И Катерина Демченко рассказала.
Это была повесть о двух запутавшихся, слабовольных людях, стыдящихся и самих себя и своих близких, перед которыми они должны были лицемерить. Однако ее показания со всей очевидностью подтверждали, что в памятный вечер Санько действительно в селе Веселом не был.
Выходя из кабинета председателя сельсовета, где происходила эта беседа, Катя задержалась в дверях. Полковник заметил: глаза ее просветлели, плечи расправились шире, словно сбросила она груз, который давил ее непосильной тяжестью.
— Вы теперь, товарищ полковник, конечно, понятия низкого обо мне, — сказала она с робкой улыбкой и остановилась, подыскивая слова. — Только я хочу сказать: словно затмение с меня сошло. Уж так наказнилась, уж так намучилась… Вместе бы с кожей сняла с себя позор… Вы не думайте, что я такая… совсем пропащая… нет!

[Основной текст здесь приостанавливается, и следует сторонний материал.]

Lemma pair_mul_pair_eq0 i j k l : [&& i < 4, j < 4, k < 4 & l < 4]%N ->
  (i \in [:: k; l]) || (j \in [:: k; l]) -> (y i * y j) * (y k * y l) = 0.
Proof.
case/and4P=> hi hj hk hl; rewrite !inE => /orP[hikl|hjkl].
  have klE : GRing.comm (y k * y l) (y j).
    exact: even_elem_mul (odd_elem_y hk) (odd_elem_y hl) j hj.
  by rewrite -mulrA -klE mulrA y_mul_pair_eq0 // mul0r.
by rewrite -mulrA y_mul_pair_eq0 // mulr0.
Qed.

Variables a1 a2 : R.

Definition w12 : A := y 0 * y 3 - y 1 * y 2.
Definition q12 : A := a1 *: y 1 - a2 *: y 0.
Definition r12 : A := a2 *: y 2 - a1 *: y 3.

Lemma w12_even : even_elem w12.
Proof.
by apply: even_elemD; [|apply: even_elemN]; apply: even_elem_mul; apply: odd_elem_y.
Qed.

Lemma q12_odd : odd_elem q12.
Proof. by apply: odd_elemB; apply: odd_elemZ; apply: odd_elem_y. Qed.

Lemma r12_odd : odd_elem r12.
Proof. by apply: odd_elemB; apply: odd_elemZ; apply: odd_elem_y. Qed.

Lemma lincomb_sqr_eq0 (b c : R) (u v : A) : u * u = 0 -> v * v = 0 -> v * u = - (u * v) ->
  (b *: u - c *: v) * (b *: u - c *: v) = 0.
Proof.
move=> uu vv vu; rewrite mulrBl !mulrBr -!scalerAl -!scalerAr !scalerA uu vv vu.
by rewrite !scaler0 scalerN mulrC subr0 sub0r opprK addNr.
Qed.

Lemma q12_sqr : q12 * q12 = 0.
Proof. by apply: lincomb_sqr_eq0; [exact: y_sqr..|exact: y_anticomm]. Qed.

Lemma r12_sqr : r12 * r12 = 0.
Proof. by apply: lincomb_sqr_eq0; [exact: y_sqr..|exact: y_anticomm]. Qed.

Lemma r12_q12_anticomm : r12 * q12 = - (q12 * r12).
Proof.
rewrite {1}/r12 mulrBl -!scalerAl !(odd_elem_mulC q12_odd) // !scalerN.
by rewrite -opprD !scalerAr -mulrBr.
Qed.

Lemma q12_r12_w12 : q12 * r12 * w12 = 0.
Proof.
have P := pair_mul_pair_eq0.
have y12_even : even_elem (y 1 * y 2) by apply: even_elem_mul; apply: odd_elem_y.
rewrite /w12 mulrBr; apply/eqP; rewrite subr_eq0; apply/eqP.
rewrite /q12 /r12 mulrBl !mulrBr -!scalerAl -!scalerAr !scalerA !mulrBl -!scalerAl.
rewrite (P 1 3 0 3) // (P 0 2 0 3) // (P 0 3 0 3) // (P 1 2 1 2) // (P 1 3 1 2) //.
rewrite (P 0 2 1 2) // !(scaler0, subr0, sub0r, opprK, addr0) mulrC; congr (_ *: _).
by rewrite (mulrA (y 1 * y 2)) y12_even // -mulrA y12_even // mulrA.
Qed.

Lemma q12_r12_q12 : q12 * r12 * q12 = 0.
Proof. by rewrite -mulrA r12_q12_anticomm mulrN mulrA q12_sqr mul0r oppr0. Qed.

Lemma q12_r12_r12 : q12 * r12 * r12 = 0.
Proof. by rewrite -mulrA r12_sqr mulr0. Qed.

End OddGenerators.

(** * The odd generators as 16 x 16 matrices *)

Definition bit (k x : nat) : bool := odd (x %/ 2 ^ k).

Fixpoint bits_below (k x : nat) : nat :=
  if k is k'.+1 then (bits_below k' x + bit k' x)%N else 0%N.

Lemma sum_bits_below k x : (\sum_(l < k) bit l x)%N = bits_below k x.
Proof. by elim: k => [|k IHk]; rewrite ?big_ord0 // big_ord_recr /= IHk. Qed.

Definition yy_support (i j a b : nat) : bool :=
  [&& ~~ bit j b, ~~ bit i ((b + 2 ^ j) %% 16) & a == ((b + 2 ^ j) %% 16 + 2 ^ i) %% 16]%N.
Definition yy_sign (i j b : nat) : nat := (bits_below i ((b + 2 ^ j) %% 16) + bits_below j b)%N.

Lemma yy_table : all (fun i => all (fun j => all (fun a => all (fun b =>
  [&& yy_support i j a b == yy_support j i a b,
      yy_support i j a b ==> odd (yy_sign i j b + yy_sign j i b)
    & ~~ yy_support i i a b]) (iota 0 16)) (iota 0 16)) (iota 0 4)) (iota 0 4).
Proof. by vm_compute. Qed.

Lemma yy_tableP (i j a b : nat) : (i < 4)%N -> (j < 4)%N -> (a < 16)%N -> (b < 16)%N ->
  [&& yy_support i j a b == yy_support j i a b,
      yy_support i j a b ==> odd (yy_sign i j b + yy_sign j i b)
    & ~~ yy_support i i a b].
Proof.
move=> hi hj ha hb.
have mem k n : (k < n)%N -> k \in iota 0 n by rewrite mem_iota.
exact: (allP (allP (allP (allP yy_table i (mem _ _ hi)) j (mem _ _ hj))
                     a (mem _ _ ha)) b (mem _ _ hb)).
Qed.

Section GrassmannGenerators.
Variable K : fieldType.

Lemma ygen_entry k (a b : 'I_16) : (k < 4)%N -> ygen K k a b =
  if ~~ bit k b && (a == (b + 2 ^ k) %% 16 :> nat)%N then (-1) ^+ bits_below k b else 0.
Proof.
by case: k => [|[|[|[|k]]]] // _; rewrite /ygen mxE -sum_bits_below; case: b.
Qed.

— Ну что вы, Катя! — дружески улыбнулся полковник. — У вас хватило мужества сознаться и спасти человека. Это многое значит. По-иному будете смотреть теперь на жизнь.
У крыльца сельсовета полковника уже ждали в машине Клебанов и Григорьев. Он уступил капитану первое сиденье и занял место рядом со своим заместителем. По дороге он сухо изложил Клебанову суть показаний свидетельницы, приказал уточнить ряд фактов, о которых она говорила, и в заключение сказал:
— Проверить все утром и завтра же отпустить Санько. Да лично перед ним извинитесь. Ежедневно мне докладывать о дальнейшем ходе следствия по. делу об убийстве в селе Веселое. О том, что произошло, мы поговорим особо.
Долго в эту ночь не мог заснуть Александр Петрович Головин. Мучительный стыд жег ему душу.
«Как же я не разгадал Клебанова раньше? — спрашивал он себя, ворочаясь с боку на бок. — Не замечал его чванливой самоуверенности, показной возни с бумагами, холодка, с которым он относился к работе? Это его невозмутимое спокойствие я воспринимал как выдержку, умение владеть собой. Оказывается, за ним крылось равнодушие… И ведь были же у меня основания присмотреться к нему попристальнее. Да, были…»
И Александру Петровичу вспомнилась первая встреча с Клебановым и неприятное впечатление, которое Клебанов тогда на него произвел.
Два года назад, отдыхая в Сочи, Головин как-то оказался случайным свидетелем сцены, которая разыгралась в столовой.
— Чем вы меня кормите? — кричал какой-то «новенький» официантке. — У меня дома собака лучше питается.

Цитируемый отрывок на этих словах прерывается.